Lemma odd_sublinear_linear (m : X -> R) : sublinear m ->
  (forall a, W a -> m (sc (-1) a) = - m a) ->
  (forall x y, W x -> W y -> m (add x y) = m x + m y) /\ (forall r x, W x -> m (sc r x) = r * m x).
Proof.
  intros [m_add m_hom] m_odd. split.
  - intros x y hx hy. apply Rle_antisym; [auto|].
    assert (h := m_add _ _ (W_sc (-1) _ hx) (W_sc (-1) _ hy)).
    rewrite <- sc_distr, !m_odd in h; auto. lra.
  - intros r x hx. destruct (Rle_lt_dec 0 r) as [hr|hr]; [auto|].
    replace (sc r x) with (sc (-1) (sc (- r) x)) by (rewrite sc_assoc; f_equal; ring).
    rewrite m_odd, m_hom; auto; lra.
Qed.

Theorem hahn_banach (y0 : X) : W y0 -> exists f : X -> R,
  (forall x y, W x -> W y -> f (add x y) = f x + f y) /\
  (forall r x, W x -> f (sc r x) = r * f x) /\
  (forall x, W x -> f x <= q x) /\ f y0 = q y0.
Proof.
  intro hy0.
  (* Zorn yields a minimal dominated [m] with [m (-y0) <= - q y0]; [m] is linear,
     so [q y0 <= m y0 <= q y0].  The candidate set contains [dir_inf q y0]. *)
  pose (P := fun s => dominated s /\ s (sc (-1) y0) <= - q y0).
  assert (P0 : P (dir_inf q y0)).
  { split; [split|].
    - apply dir_inf_sublinear; auto.
    - intros x hx. apply dir_inf_le_self; auto.
    - apply dir_inf_opp; auto. }
  destruct (zorn_preorder (X -> R) P (fun s1 s2 => forall x, W x -> s2 x <= s1 x))
    as [m [[mdom my] mmin]].
  - intros s x hx; lra.
  - intros s1 s2 s3 h1 h2 x hx. specialize (h1 x hx); specialize (h2 x hx); lra.
  - intros C CP Cch. destruct (classic (exists s, C s)) as [[s0 Cs0]|NC].
    + destruct (chain_inf_dominated C s0 Cs0) as [dom below].
      * intros s Cs. apply (CP s Cs).
      * intros s1 s2 C1 C2. destruct (Cch s1 s2 C1 C2); auto.
      * exists (chain_inf C). split; [split; [exact dom|]|].
        -- eapply Rle_trans; [apply below; eauto|]. apply (CP s0 Cs0).
        -- intros s Cs x hx. apply below; auto.
    + exists (dir_inf q y0). split; [exact P0|]. intros s Cs; exfalso; eauto.
  - assert (m_odd := minimal_dominated_odd m mdom
      (fun s sdom hsm => mmin s (conj sdom (Rle_trans _ _ _ (hsm _ (W_sc _ _ hy0)) my)) hsm)).
    destruct (odd_sublinear_linear m (proj1 mdom) m_odd) as [m_add m_sc].
    exists m. repeat split; auto; [apply mdom|].
    rewrite m_odd in my; auto. apply Rle_antisym; [apply mdom; auto|lra].
Qed.
End HahnBanach.
Lemma jacobi_prod_rothe u w Q n :
  Q ^+ (3 * 'C(n.+1, 2)) * jacobi_prod u w Q n.+1 =
  \prod_(i < 2 * n.+1) (w * Q ^+ n + u * Q ^+ i).
Proof.
rewrite (_ : 2 * n.+1 = n.+1 + n.+1)%N; last lia.
rewrite big_split_ord /= /jacobi_prod big_split /=.
have upper : \prod_(i < n.+1) (w * Q ^+ n + u * Q ^+ (n.+1 + i)) =
    Q ^+ (n * n.+1) * \prod_(i < n.+1) (w + u * Q ^+ i.+1).
  have -> : Q ^+ (n * n.+1) = \prod_(i < n.+1) Q ^+ n.
    by rewrite prodr_const card_ord -exprM.
  by rewrite -big_split; apply: eq_bigr => i _; rewrite addSnnS exprD /=; ring.
have lower : \prod_(i < n.+1) (w * Q ^+ n + u * Q ^+ i) =
    Q ^+ 'C(n.+1, 2) * \prod_(i < n.+1) (u + w * Q ^+ i).
  rewrite -bin2_sum big_mkord -prodrXr [X in _ = _ * X](reindex_inj rev_ord_inj).
  rewrite -big_split /=; apply: eq_bigr => i _; rewrite subSS.
  have -> : Q ^+ n = Q ^+ i * Q ^+ (n - i) by rewrite -exprD subnKC // -ltnS.
  ring.
rewrite upper lower (_ : 3 * 'C(n.+1, 2) = 'C(n.+1, 2) + n * n.+1)%N ?exprD.
  by ring.
by have := bin2_mul2 n.+1; nia.
Qed.

Theorem jacobi_triple_product_finite u w Q n : Q != 0 ->
  jacobi_prod u w Q n = \sum_(j < (2 * n).+1)
    Q ^+ tri n j * qbin Q (2 * n) j * u ^+ j * w ^+ (2 * n - j).
Proof.
case: n => [|n] Q0; first by rewrite /jacobi_prod big_ord0 big_ord1 /tri /= !expr0 !mulr1.
apply: (mulfI (expf_neq0 (3 * 'C(n.+1, 2)) Q0)).
rewrite jacobi_prod_rothe rothe mulr_sumr; apply: eq_bigr => j _.
have lej : (j <= 2 * n.+1)%N by rewrite -ltnS.
have e := tri_exp lej; rewrite subn1 /= in e.
rewrite /rothe_term exprMn -exprM.
transitivity (Q ^+ ('C(j, 2) + n * (2 * n.+1 - j)) * qbin Q (2 * n.+1) j *
    u ^+ j * w ^+ (2 * n.+1 - j)); first by rewrite exprD; ring.
by rewrite e exprD; ring.
Qed.

End JacobiTripleProduct.

(** * Truncated infinite products *)

(* Truncations of f_e = prod_(i >= 1) (1 - q^(e i)) and of its inverse. *)
Definition euler_prod (e L : nat) : {poly int} := \prod_(i < L) (1 - 'X^(e * i.+1)).

Definition geom_prod (e L K : nat) : {poly int} :=
  \prod_(i < L) \sum_(j < K) 'X^(e * i.+1 * j).

Lemma qpoch_Xn e L : qpoch 'X^e L = euler_prod e L.
Proof. by apply: eq_bigr => i _; rewrite -exprM. Qed.

Lemma euler_prodS e L : euler_prod e L.+1 = euler_prod e L * (1 - 'X^(e * L.+1)).
Proof. by rewrite /euler_prod big_ord_recr. Qed.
- - - -
Only the lines from the one with "Definition euler_prod (e" through the last line of the records belong in the answer, each copied exactly.

> [Response to this exercise]
Definition euler_prod (e L : nat) : {poly int} := \prod_(i < L) (1 - 'X^(e * i.+1)).

Definition geom_prod (e L K : nat) : {poly int} :=
  \prod_(i < L) \sum_(j < K) 'X^(e * i.+1 * j).

Lemma qpoch_Xn e L : qpoch 'X^e L = euler_prod e L.
Proof. by apply: eq_bigr => i _; rewrite -exprM. Qed.

Lemma euler_prodS e L : euler_prod e L.+1 = euler_prod e L * (1 - 'X^(e * L.+1)).
Proof. by rewrite /euler_prod big_ord_recr. Qed.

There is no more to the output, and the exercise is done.